DATA PROVIDED Block Start
Lemma qbinom_qpoch m k : (k <= m)%N -> qbinom m k * qpoch k * qpoch (m - k) = qpoch m.
Proof.
elim: m k => [|m IHm] [|k] lekm //; rewrite ?qbinom0 ?qpoch0 ?subn0 ?mul1r //.
rewrite subSS qbinomSS !mulrDl.
have pascal_l : qbinom m k * qpoch k.+1 * qpoch (m - k) = qpoch m * (1 - x ^+ k.+1).
  rewrite qpochS -(IHm k lekm); ring.
have pascal_r : x ^+ k.+1 * qbinom m k.+1 * qpoch k.+1 * qpoch (m - k) =
          qpoch m * (x ^+ k.+1 - x ^+ m.+1).
  case: (ltngtP k m) => [ltkm | gtkm | <-]; last 2 first.
  - lia.
  - by rewrite qbinom_small // mulr0 !mul0r subrr mulr0.
  have -> : (m - k = (m - k.+1).+1)%N by lia.
  have -> : x ^+ m.+1 = x ^+ k.+1 * x ^+ (m - k.+1).+1.
    by rewrite -exprD; congr (_ ^+ _); lia.
  rewrite (qpochS (m - k.+1)) -(IHm k.+1 ltkm); ring.
by rewrite pascal_l pascal_r qpochS; ring.
Qed.

Lemma qbinom_sumS (g : nat -> R) m :
  \sum_(0 <= i < m.+2) g i * qbinom m.+1 i =
  \sum_(0 <= k < m.+1) (g k.+1 + g k * x ^+ k) * qbinom m k.
Proof.
under [RHS]eq_bigr do rewrite mulrDl.
rewrite big_split /=.
have -> : \sum_(0 <= k < m.+1) g k * x ^+ k * qbinom m k =
          \sum_(0 <= k < m.+2) g k * x ^+ k * qbinom m k.
  by rewrite [RHS]big_nat_recr //= qbinom_small // mulr0 addr0.
rewrite big_nat_recl // [X in _ = _ + X]big_nat_recl // qbinom0 expr0 !mulr1.
by rewrite addrCA -big_split; congr (_ + _); apply: eq_bigr => k _; rewrite mulrDr mulrA.
Qed.

Lemma qbinom_sumS_rev (g : nat -> R) m :
  \sum_(0 <= i < m.+2) g i * qbinom m.+1 i =
  \sum_(0 <= k < m.+1) (g k.+1 * x ^+ (m - k) + g k) * qbinom m k.
Proof.
under [RHS]eq_bigr do rewrite mulrDl.
rewrite big_split /=.
have -> : \sum_(0 <= k < m.+1) g k * qbinom m k = \sum_(0 <= k < m.+2) g k * qbinom m k.
  by rewrite [RHS]big_nat_recr //= qbinom_small // mulr0 addr0.
rewrite big_nat_recl // [X in _ = _ + X]big_nat_recl // !qbinom0 addrCA -big_split.
congr (_ + _); apply: eq_bigr => k _ /=; rewrite -qbinomSS qbinomSS_rev; ring.
Qed.

Lemma qbinom_sumSS (f : nat -> R) m :
  \sum_(0 <= i < m.+3) f i * qbinom m.+2 i =
  \sum_(0 <= k < m.+1)
     (f k.+2 * x ^+ (m - k) + f k.+1 * (1 + x ^+ k.+1) + f k * x ^+ (2 * k)) * qbinom m k.
Proof.
rewrite qbinom_sumS; under eq_bigr do rewrite mulrDl.
rewrite big_split /= qbinom_sumS_rev (qbinom_sumS (fun j => f j * x ^+ j)) -big_split /=.
apply: eq_bigr => k _; rewrite -mulrDl mul2n -addnn exprD; congr (_ * _); ring.
Qed.

Lemma gauss_qbinom_sum N :
  \sum_(0 <= i < (2 * N).+1) (-1) ^+ (i + N) * x ^+ sqdist i N * qbinom (2 * N) i
  = qpoch_odd N.
Proof.
elim: N => [|N IHN]; first by rewrite big_nat1 /qpoch_odd big_ord0 /= !mul1r.
rewrite qpoch_oddS -IHN mulr_suml mulnS add2n qbinom_sumSS.
apply: eq_big_nat => k /andP[_ ltk].
have exp2 : (sqdist k.+2 N.+1 + (2 * N - k) = sqdist k N + k.+1)%N.
  by rewrite /sqdist !expnS expn0 !muln1; nia.
have exp1 : sqdist k.+1 N.+1 = sqdist k N by rewrite /sqdist; congr (_ ^ _)%N; lia.
have exp0 : (sqdist k N.+1 + 2 * k = sqdist k N + (2 * N).+1)%N.
  by rewrite /sqdist !expnS expn0 !muln1; nia.
have signSl j : (-1) ^+ (j.+1 + N) = - (-1) ^+ (j + N) :> R by rewrite addSn exprS mulN1r.
have signSr j : (-1) ^+ (j + N.+1) = - (-1) ^+ (j + N) :> R by rewrite addnS exprS mulN1r.
rewrite !signSr !signSl -!mulrA -!exprD exp2 exp1 exp0 !exprD; ring.
Qed.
DATA PROVIDED Block End
#### [EXERCISE]
Keeping each word as it stands, transcribe every entry.

#### [ANSWER BOX]
Lemma qbinom_qpoch m k : (k <= m)%N -> qbinom m k * qpoch k * qpoch (m - k) = qpoch m.
Proof.
elim: m k => [|m IHm] [|k] lekm //; rewrite ?qbinom0 ?qpoch0 ?subn0 ?mul1r //.
rewrite subSS qbinomSS !mulrDl.
have pascal_l : qbinom m k * qpoch k.+1 * qpoch (m - k) = qpoch m * (1 - x ^+ k.+1).
  rewrite qpochS -(IHm k lekm); ring.
have pascal_r : x ^+ k.+1 * qbinom m k.+1 * qpoch k.+1 * qpoch (m - k) =
          qpoch m * (x ^+ k.+1 - x ^+ m.+1).
  case: (ltngtP k m) => [ltkm | gtkm | <-]; last 2 first.
  - lia.
  - by rewrite qbinom_small // mulr0 !mul0r subrr mulr0.
  have -> : (m - k = (m - k.+1).+1)%N by lia.
  have -> : x ^+ m.+1 = x ^+ k.+1 * x ^+ (m - k.+1).+1.
    by rewrite -exprD; congr (_ ^+ _); lia.
  rewrite (qpochS (m - k.+1)) -(IHm k.+1 ltkm); ring.
by rewrite pascal_l pascal_r qpochS; ring.
Qed.

Lemma qbinom_sumS (g : nat -> R) m :
  \sum_(0 <= i < m.+2) g i * qbinom m.+1 i =
  \sum_(0 <= k < m.+1) (g k.+1 + g k * x ^+ k) * qbinom m k.
Proof.
under [RHS]eq_bigr do rewrite mulrDl.
rewrite big_split /=.
have -> : \sum_(0 <= k < m.+1) g k * x ^+ k * qbinom m k =
          \sum_(0 <= k < m.+2) g k * x ^+ k * qbinom m k.
  by rewrite [RHS]big_nat_recr //= qbinom_small // mulr0 addr0.
rewrite big_nat_recl // [X in _ = _ + X]big_nat_recl // qbinom0 expr0 !mulr1.
by rewrite addrCA -big_split; congr (_ + _); apply: eq_bigr => k _; rewrite mulrDr mulrA.
Qed.

Lemma qbinom_sumS_rev (g : nat -> R) m :
  \sum_(0 <= i < m.+2) g i * qbinom m.+1 i =
  \sum_(0 <= k < m.+1) (g k.+1 * x ^+ (m - k) + g k) * qbinom m k.
Proof.
under [RHS]eq_bigr do rewrite mulrDl.
rewrite big_split /=.
have -> : \sum_(0 <= k < m.+1) g k * qbinom m k = \sum_(0 <= k < m.+2) g k * qbinom m k.
  by rewrite [RHS]big_nat_recr //= qbinom_small // mulr0 addr0.
rewrite big_nat_recl // [X in _ = _ + X]big_nat_recl // !qbinom0 addrCA -big_split.
congr (_ + _); apply: eq_bigr => k _ /=; rewrite -qbinomSS qbinomSS_rev; ring.
Qed.

Lemma qbinom_sumSS (f : nat -> R) m :
  \sum_(0 <= i < m.+3) f i * qbinom m.+2 i =
  \sum_(0 <= k < m.+1)
     (f k.+2 * x ^+ (m - k) + f k.+1 * (1 + x ^+ k.+1) + f k * x ^+ (2 * k)) * qbinom m k.
Proof.
rewrite qbinom_sumS; under eq_bigr do rewrite mulrDl.
rewrite big_split /= qbinom_sumS_rev (qbinom_sumS (fun j => f j * x ^+ j)) -big_split /=.
apply: eq_bigr => k _; rewrite -mulrDl mul2n -addnn exprD; congr (_ * _); ring.
Qed.

Lemma gauss_qbinom_sum N :
  \sum_(0 <= i < (2 * N).+1) (-1) ^+ (i + N) * x ^+ sqdist i N * qbinom (2 * N) i
  = qpoch_odd N.
Proof.
elim: N => [|N IHN]; first by rewrite big_nat1 /qpoch_odd big_ord0 /= !mul1r.
rewrite qpoch_oddS -IHN mulr_suml mulnS add2n qbinom_sumSS.
apply: eq_big_nat => k /andP[_ ltk].
have exp2 : (sqdist k.+2 N.+1 + (2 * N - k) = sqdist k N + k.+1)%N.
  by rewrite /sqdist !expnS expn0 !muln1; nia.
have exp1 : sqdist k.+1 N.+1 = sqdist k N by rewrite /sqdist; congr (_ ^ _)%N; lia.
have exp0 : (sqdist k N.+1 + 2 * k = sqdist k N + (2 * N).+1)%N.
  by rewrite /sqdist !expnS expn0 !muln1; nia.
have signSl j : (-1) ^+ (j.+1 + N) = - (-1) ^+ (j + N) :> R by rewrite addSn exprS mulN1r.
have signSr j : (-1) ^+ (j + N.+1) = - (-1) ^+ (j + N) :> R by rewrite addnS exprS mulN1r.
rewrite !signSr !signSl -!mulrA -!exprD exp2 exp1 exp0 !exprD; ring.
Qed.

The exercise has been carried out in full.